* _Your objective_
When you reach the line with "Definition frob (A" in the data below, begin printing lines exactly, and stop once the line with "admissible vectors (v^T" has been printed.

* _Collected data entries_

********

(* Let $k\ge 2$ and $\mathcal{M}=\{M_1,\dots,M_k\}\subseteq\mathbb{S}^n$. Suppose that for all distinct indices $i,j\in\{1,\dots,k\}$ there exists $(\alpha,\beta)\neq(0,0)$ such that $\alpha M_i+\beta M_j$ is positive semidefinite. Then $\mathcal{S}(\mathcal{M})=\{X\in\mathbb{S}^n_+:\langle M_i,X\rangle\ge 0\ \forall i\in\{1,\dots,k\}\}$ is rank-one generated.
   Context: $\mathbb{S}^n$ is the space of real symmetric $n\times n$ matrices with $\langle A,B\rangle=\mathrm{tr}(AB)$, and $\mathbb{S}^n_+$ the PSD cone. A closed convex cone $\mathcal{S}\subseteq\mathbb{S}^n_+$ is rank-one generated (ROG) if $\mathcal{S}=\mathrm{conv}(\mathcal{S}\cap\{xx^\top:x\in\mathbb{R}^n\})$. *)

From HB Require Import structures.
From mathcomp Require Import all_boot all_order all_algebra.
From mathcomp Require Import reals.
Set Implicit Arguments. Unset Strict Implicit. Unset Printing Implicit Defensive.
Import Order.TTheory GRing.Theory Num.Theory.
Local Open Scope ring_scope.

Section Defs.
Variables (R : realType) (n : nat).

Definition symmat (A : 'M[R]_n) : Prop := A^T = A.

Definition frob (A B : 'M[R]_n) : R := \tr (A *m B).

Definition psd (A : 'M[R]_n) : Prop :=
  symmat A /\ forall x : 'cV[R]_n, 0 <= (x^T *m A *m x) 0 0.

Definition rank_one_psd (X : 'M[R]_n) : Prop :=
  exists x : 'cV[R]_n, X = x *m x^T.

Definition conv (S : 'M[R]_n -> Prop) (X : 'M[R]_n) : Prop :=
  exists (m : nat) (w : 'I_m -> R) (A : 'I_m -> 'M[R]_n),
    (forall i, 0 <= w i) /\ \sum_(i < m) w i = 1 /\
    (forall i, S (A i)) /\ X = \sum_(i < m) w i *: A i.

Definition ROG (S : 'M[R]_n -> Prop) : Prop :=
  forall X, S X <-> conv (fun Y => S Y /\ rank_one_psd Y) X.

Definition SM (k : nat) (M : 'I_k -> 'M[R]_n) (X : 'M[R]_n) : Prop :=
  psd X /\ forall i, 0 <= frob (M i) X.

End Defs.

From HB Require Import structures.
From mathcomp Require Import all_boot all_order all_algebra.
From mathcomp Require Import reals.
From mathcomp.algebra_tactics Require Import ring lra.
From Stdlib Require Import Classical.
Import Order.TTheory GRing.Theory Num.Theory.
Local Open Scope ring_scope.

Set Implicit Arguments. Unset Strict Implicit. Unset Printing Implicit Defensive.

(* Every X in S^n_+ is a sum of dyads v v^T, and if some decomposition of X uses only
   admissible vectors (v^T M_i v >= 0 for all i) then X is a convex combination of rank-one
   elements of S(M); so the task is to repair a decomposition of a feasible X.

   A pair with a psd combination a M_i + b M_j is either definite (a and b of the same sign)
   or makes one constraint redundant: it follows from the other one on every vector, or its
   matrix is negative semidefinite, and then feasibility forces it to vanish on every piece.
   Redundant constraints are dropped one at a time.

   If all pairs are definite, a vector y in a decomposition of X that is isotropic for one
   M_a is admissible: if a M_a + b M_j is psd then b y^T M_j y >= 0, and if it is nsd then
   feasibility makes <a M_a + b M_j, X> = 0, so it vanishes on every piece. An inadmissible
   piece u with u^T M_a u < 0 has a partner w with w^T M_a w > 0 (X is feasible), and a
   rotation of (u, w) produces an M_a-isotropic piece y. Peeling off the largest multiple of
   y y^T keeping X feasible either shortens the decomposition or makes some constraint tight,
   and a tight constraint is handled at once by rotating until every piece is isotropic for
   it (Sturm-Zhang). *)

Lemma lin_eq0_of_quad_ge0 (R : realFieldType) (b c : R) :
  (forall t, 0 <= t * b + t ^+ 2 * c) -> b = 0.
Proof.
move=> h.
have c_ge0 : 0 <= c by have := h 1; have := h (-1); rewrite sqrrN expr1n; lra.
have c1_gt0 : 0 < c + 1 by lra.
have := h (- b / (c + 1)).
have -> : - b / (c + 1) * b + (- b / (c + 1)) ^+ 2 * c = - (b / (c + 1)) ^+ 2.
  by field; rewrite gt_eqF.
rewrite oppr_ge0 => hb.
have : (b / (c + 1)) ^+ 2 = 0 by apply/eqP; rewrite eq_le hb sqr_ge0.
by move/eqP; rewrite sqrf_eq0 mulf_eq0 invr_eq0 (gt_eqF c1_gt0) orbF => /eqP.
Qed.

********

* _Task answer_
Definition frob (A B : 'M[R]_n) : R := \tr (A *m B).

Definition psd (A : 'M[R]_n) : Prop :=
  symmat A /\ forall x : 'cV[R]_n, 0 <= (x^T *m A *m x) 0 0.

Definition rank_one_psd (X : 'M[R]_n) : Prop :=
  exists x : 'cV[R]_n, X = x *m x^T.

Definition conv (S : 'M[R]_n -> Prop) (X : 'M[R]_n) : Prop :=
  exists (m : nat) (w : 'I_m -> R) (A : 'I_m -> 'M[R]_n),
    (forall i, 0 <= w i) /\ \sum_(i < m) w i = 1 /\
    (forall i, S (A i)) /\ X = \sum_(i < m) w i *: A i.

Definition ROG (S : 'M[R]_n -> Prop) : Prop :=
  forall X, S X <-> conv (fun Y => S Y /\ rank_one_psd Y) X.

Definition SM (k : nat) (M : 'I_k -> 'M[R]_n) (X : 'M[R]_n) : Prop :=
  psd X /\ forall i, 0 <= frob (M i) X.

End Defs.

From HB Require Import structures.
From mathcomp Require Import all_boot all_order all_algebra.
From mathcomp Require Import reals.
From mathcomp.algebra_tactics Require Import ring lra.
From Stdlib Require Import Classical.
Import Order.TTheory GRing.Theory Num.Theory.
Local Open Scope ring_scope.

Set Implicit Arguments. Unset Strict Implicit. Unset Printing Implicit Defensive.

(* Every X in S^n_+ is a sum of dyads v v^T, and if some decomposition of X uses only
   admissible vectors (v^T M_i v >= 0 for all i) then X is a convex combination of rank-one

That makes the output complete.